**Stored data entries:**
>>

(* Let $n\geq 1$ and let $\varphi=\frac{1+\sqrt5}{2}$. If ${\bf f}[n]=a$, then $V(n)=\lceil n/\varphi^2\rceil$, equivalently $V(n)$ equals the number of occurrences of $b$ in ${\bf f}(0..n]$ plus one. If ${\bf f}[n]=b$, then $V(n)=\lceil n/\varphi^3\rceil$, equivalently $V(n)$ equals the number of occurrences of the factor $aa$ in ${\bf f}(0..n]$ plus one.
   Context: Fibonacci numbers: $F_0=0$, $F_1=1$, $F_{m+2}=F_{m+1}+F_m$. Standard Fibonacci words over $\{a,b\}$: $f_{-1}=b$, $f_0=a$, $f_{m+1}=f_mf_{m-1}$ for $m\geq 0$ (so $|f_m|=F_{m+2}$). The Fibonacci infinite word is ${\bf f}=\lim_{m\to\infty} f_m=abaababaab\cdots$, indexed from ${\bf f}[1]=a$; ${\bf f}(0..j]$ denotes its prefix of length $j$. For nonnegative integers $k_m,\dots,k_0$, $[k_m\cdots k_0]_F$ denotes $\sum_{i=0}^m k_iF_{i+2}$. A representation $N=[k_m\cdots k_0]_F$ with all $k_i\geq 0$ is valid if ${\bf f}(0..N]=f_m^{k_m}\cdots f_0^{k_0}$. $V(N)$ denotes the number of valid representations of $N$ (up to leading zeros), i.e. the number of factorizations of ${\bf f}(0..N]$ as a concatenation $f_m^{k_m}\cdots f_0^{k_0}$ of standard words $f_i$, $i\geq 0$, in non-strictly decreasing order of index; $V(0)=1$. *)

From mathcomp Require Import all_boot all_order all_algebra.
From mathcomp Require Import reals.
Import GRing.Theory Num.Theory.

Set Implicit Arguments.
Unset Strict Implicit.
Unset Printing Implicit Defensive.

Definition la : bool := true.
Definition lb : bool := false.

Fixpoint fib (m : nat) : nat :=
  match m with
  | 0 => 0
  | 1 => 1
  | (m'.+1 as k).+1 => fib k + fib m'
  end.

(* sw k = f_{k-1}: sw 0 = f_{-1} = b, sw 1 = f_0 = a,
   sw (k+2) = sw (k+1) ++ sw k, i.e. f_{m+1} = f_m f_{m-1}. *)
Fixpoint sw (k : nat) : seq bool :=
  match k with
  | 0 => [:: lb]
  | 1 => [:: la]
  | (k'.+1 as j).+1 => sw j ++ sw k'
  end.

Definition fw (m : nat) : seq bool := sw m.+1.

(* The Fibonacci infinite word, indexed from 1: f[j] is the j-th letter of
   any f_m long enough; f_j has length F_{j+2} >= j (for j >= 1), and every
   f_m is a prefix of f_{m+1}, so f[j] = letter j of f_j. *)
Definition fword (j : nat) : bool := nth la (fw j) j.-1.

Definition fprefix (j : nat) : seq bool := take j (fw j).

(* A representation is given little-endian as ks = [:: k_0; k_1; ...; k_m].
   rep_word_from i ks = f_{i+m'}^{k_{i+m'}} ... f_i^{k_i} for ks starting at
   index i. *)
Fixpoint rep_word_from (i : nat) (ks : seq nat) : seq bool :=
  match ks with
  | [::] => [::]
  | k :: ks' => rep_word_from i.+1 ks' ++ flatten (nseq k (fw i))
  end.

Definition rep_word (ks : seq nat) : seq bool := rep_word_from 0 ks.

Definition rep_val (ks : seq nat) : nat :=
  \sum_(i < size ks) nth 0 ks i * fib i.+2.

Definition valid_rep (N : nat) (ks : seq nat) : bool :=
  (N == rep_val ks) && (fprefix N == rep_word ks).

(* Canonical form "up to leading zeros": the most significant digit k_m is
   nonzero (the empty list represents 0). *)
Definition canon_rep (ks : seq nat) : bool := last 1 ks != 0.

(* V_is N c  <->  V(N) = c : the valid representations of N (up to leading
   zeros) form a finite set of cardinality c. *)
Definition V_is (N : nat) (c : int) : Prop :=
  exists s : seq (seq nat),
    [/\ uniq s,
        forall ks, (ks \in s) = canon_rep ks && valid_rep N ks
      & Posz (size s) = c].

Definition count_b (n : nat) : nat := count (pred1 lb) (fprefix n).

Definition count_aa (n : nat) : nat :=
  count (fun i => (fword i == la) && (fword i.+1 == la)) (iota 1 n.-1).

Local Open Scope ring_scope.

Definition phi (R : realType) : R := (1 + Num.sqrt 5) / 2.

Example fw_chk : fprefix 10 = [:: la; lb; la; la; lb; la; lb; la; la; lb].
Proof. by []. Qed.

(* Let σ be the morphism a ↦ ab, b ↦ a, so that f_(i+1) = σ(f_i) and f = σ(f).
   The digit sequence k_0 :: t spells σ(word of t) a^(k_0); splitting canonical
   representations according to k_0 = 0 or k_0 > 0 gives, for a nonempty word w,
     r(w) = r(σ⁻¹(w)) + r(w without its final a),
   a term being 0 when the preimage, resp. the final a, does not exist.  Every
   prefix of f is σ(f(0..M]) or σ(f(0..M])a, so strong induction on m yields
     r(f(0..m]a) = #b + 1,   r(f(0..m]b) = #a - #b if f[m] = a, and 0 otherwise,
   where #a, #b count the letters of f(0..m].  The same decomposition shows that
   g(n) = (n+1)/φ² - #b(f(0..n]) satisfies g(|σ(f(0..M])|) = (1 - g(M))(1 - 1/φ²),
   so g stays in (0,1), i.e. #b(f(0..n]) = ⌊(n+1)/φ²⌋; this gives the ceilings,
   and #aa is tied to #b because every b is surrounded by a's. *)

From mathcomp Require Import all_boot all_order all_algebra.
From mathcomp Require Import reals.
From mathcomp Require Import zify ring lra.
Import GRing.Theory Num.Theory.

Set Implicit Arguments.
Unset Strict Implicit.
Unset Printing Implicit Defensive.

(** * The Fibonacci morphism *)

Definition fibm_letter (c : bool) : seq bool := if c then [:: la; lb] else [:: la].

Definition fibm (w : seq bool) : seq bool := flatten (map fibm_letter w).

Lemma fibm_cons c u : fibm (c :: u) = fibm_letter c ++ fibm u.
Proof. by []. Qed.

Lemma fibm_cat u v : fibm (u ++ v) = fibm u ++ fibm v.
Proof. by rewrite /fibm map_cat flatten_cat. Qed.

Lemma fibm_rcons u c : fibm (rcons u c) = fibm u ++ fibm_letter c.
Proof. by rewrite -cats1 fibm_cat fibm_cons cats0. Qed.

Lemma size_fibm u : size (fibm u) = size u + count (pred1 la) u.
Proof. by elim: u => //= c u IHu; rewrite size_cat IHu; case: c => /=; lia. Qed.

Lemma count_la_fibm u : count (pred1 la) (fibm u) = size u.
Proof. by elim: u => //= c u IHu; rewrite count_cat IHu; case: c. Qed.

Lemma count_lb_fibm u : count (pred1 lb) (fibm u) = count (pred1 la) u.
Proof. by elim: u => //= c u IHu; rewrite count_cat IHu; case: c. Qed.

Lemma head_fibm u : head la (fibm u) = la.
Proof. by case: u => // -[]. Qed.

Lemma fibm_eq_nil u : (fibm u == [::]) = (u == [::]).
Proof. by case: u => // -[]. Qed.

Lemma fibm_inj : injective fibm.
Proof.
elim=> [|c u IHu] [|d v] //; [by case: d | by case: c | rewrite !fibm_cons].
case: c; case: d => /= -[] //.
- by move/IHu ->.
- by move=> Euv; have := head_fibm v; rewrite -Euv.
- by move=> Euv; have := head_fibm u; rewrite Euv.
- by move/IHu ->.
Qed.

Lemma fibm_rcons_lb v u : fibm v = rcons u lb ->
  exists2 v', v = rcons v' la & u = rcons (fibm v') la.
Proof.
case/lastP: v => [|v c]; first by case: u.
rewrite fibm_rcons; case: c => /= E; last first.
  by have := congr1 (last la) E; rewrite last_cat last_rcons.
exists v => //.
have : rcons u lb = rcons (rcons (fibm v) la) lb by rewrite -E -!cats1 -catA.
by case/rcons_inj.
Qed.

(** * Prefixes of the Fibonacci word *)

Lemma sw_fibm k : sw k.+1 = fibm (sw k).
Proof.
suff: sw k.+1 = fibm (sw k) /\ sw k.+2 = fibm (sw k.+1) by case.
elim: k => [|k [IH1 IH2]] //; split=> //.
by rewrite [sw k.+3]/= [sw k.+2]/= fibm_cat -IH1 -IH2.
Qed.

Lemma fw_fibm m : fw m.+1 = fibm (fw m).
Proof. exact: sw_fibm. Qed.

Lemma size_fw m : size (fw m) = fib m.+2.
Proof.
suff: size (sw m.+1) = fib m.+2 /\ size (sw m.+2) = fib m.+3 by case.
elim: m => [|m [IH1 IH2]] //; split=> //.
by rewrite [sw m.+3]/= size_cat IH1 IH2.
Qed.

Lemma ltn_fib m : m < fib m.+2.
Proof.
suff: m < fib m.+2 /\ m.+1 < fib m.+3 by case.
elim: m => [|m [IH1 IH2]] //; split=> //.
by rewrite (_ : fib m.+4 = fib m.+3 + fib m.+2) //; lia.
Qed.

Lemma ltn_size_fw m : m < size (fw m).
Proof. by rewrite size_fw ltn_fib. Qed.

Lemma fw_take m m' : m <= m' -> take (size (fw m)) (fw m') = fw m.
Proof.
elim: m' => [|m' IHm']; first by rewrite leqn0 => /eqP ->; rewrite take_size.
rewrite leq_eqVlt => /orP[/eqP ->|/IHm' IH]; first by rewrite take_size.
have le_size : size (fw m) <= size (fw m') by rewrite -IH size_take_min geq_minr.
by rewrite [fw m'.+1]/fw [sw _]/= takel_cat.
Qed.

Definition count_a (n : nat) : nat := count (pred1 la) (fprefix n).

Lemma take_fw k m : k <= size (fw m) -> take k (fw m) = fprefix k.
Proof.
move=> le_k; rewrite /fprefix; case: (leqP m k) => [le_mk|lt_km].
- by rewrite -(fw_take le_mk) take_takel.
- rewrite -(fw_take (ltnW lt_km)) take_takel //.
  exact: ltnW (ltn_size_fw k).
Qed.

Lemma size_fprefix n : size (fprefix n) = n.
Proof. by rewrite /fprefix size_takel // ltnW // ltn_size_fw. Qed.

Lemma take_fprefix k n : k <= n -> take k (fprefix n) = fprefix k.
Proof.
move=> le_kn; rewrite {1}/fprefix take_takel // take_fw //.
by apply: leq_trans le_kn _; apply: ltnW (ltn_size_fw n).
Qed.

Lemma fprefixS n : fprefix n.+1 = rcons (fprefix n) (fword n.+1).
Proof.
have lt_n : n < size (fw n.+1) by apply: ltnW (ltn_size_fw n.+1).
by rewrite {1}/fprefix (take_nth la lt_n) take_fw // ltnW.
Qed.

Lemma fprefix_pred n : 0 < n -> fprefix n = rcons (fprefix n.-1) (fword n).
Proof. by case: n => // n _; rewrite fprefixS. Qed.

Lemma count_a_add_count_b n : count_a n + count_b n = n.
Proof.
rewrite -[RHS](size_fprefix n) -(count_predC (pred1 la)).
by congr (_ + _); apply: eq_count => -[].
Qed.

Lemma count_aS n : count_a n.+1 = count_a n + (fword n.+1 == la).
Proof. by rewrite /count_a fprefixS -cats1 count_cat /= addn0. Qed.

Lemma count_bS n : count_b n.+1 = count_b n + (fword n.+1 == lb).
Proof. by rewrite /count_b fprefixS -cats1 count_cat /= addn0. Qed.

<<

**WORK TO BE COMPLETED:**
Search the records for the string "digit" and, wherever a line contains it, please copy that line.

**TASK RESPONSE:**
(* Canonical form "up to leading zeros": the most significant digit k_m is
   The digit sequence k_0 :: t spells σ(word of t) a^(k_0); splitting canonical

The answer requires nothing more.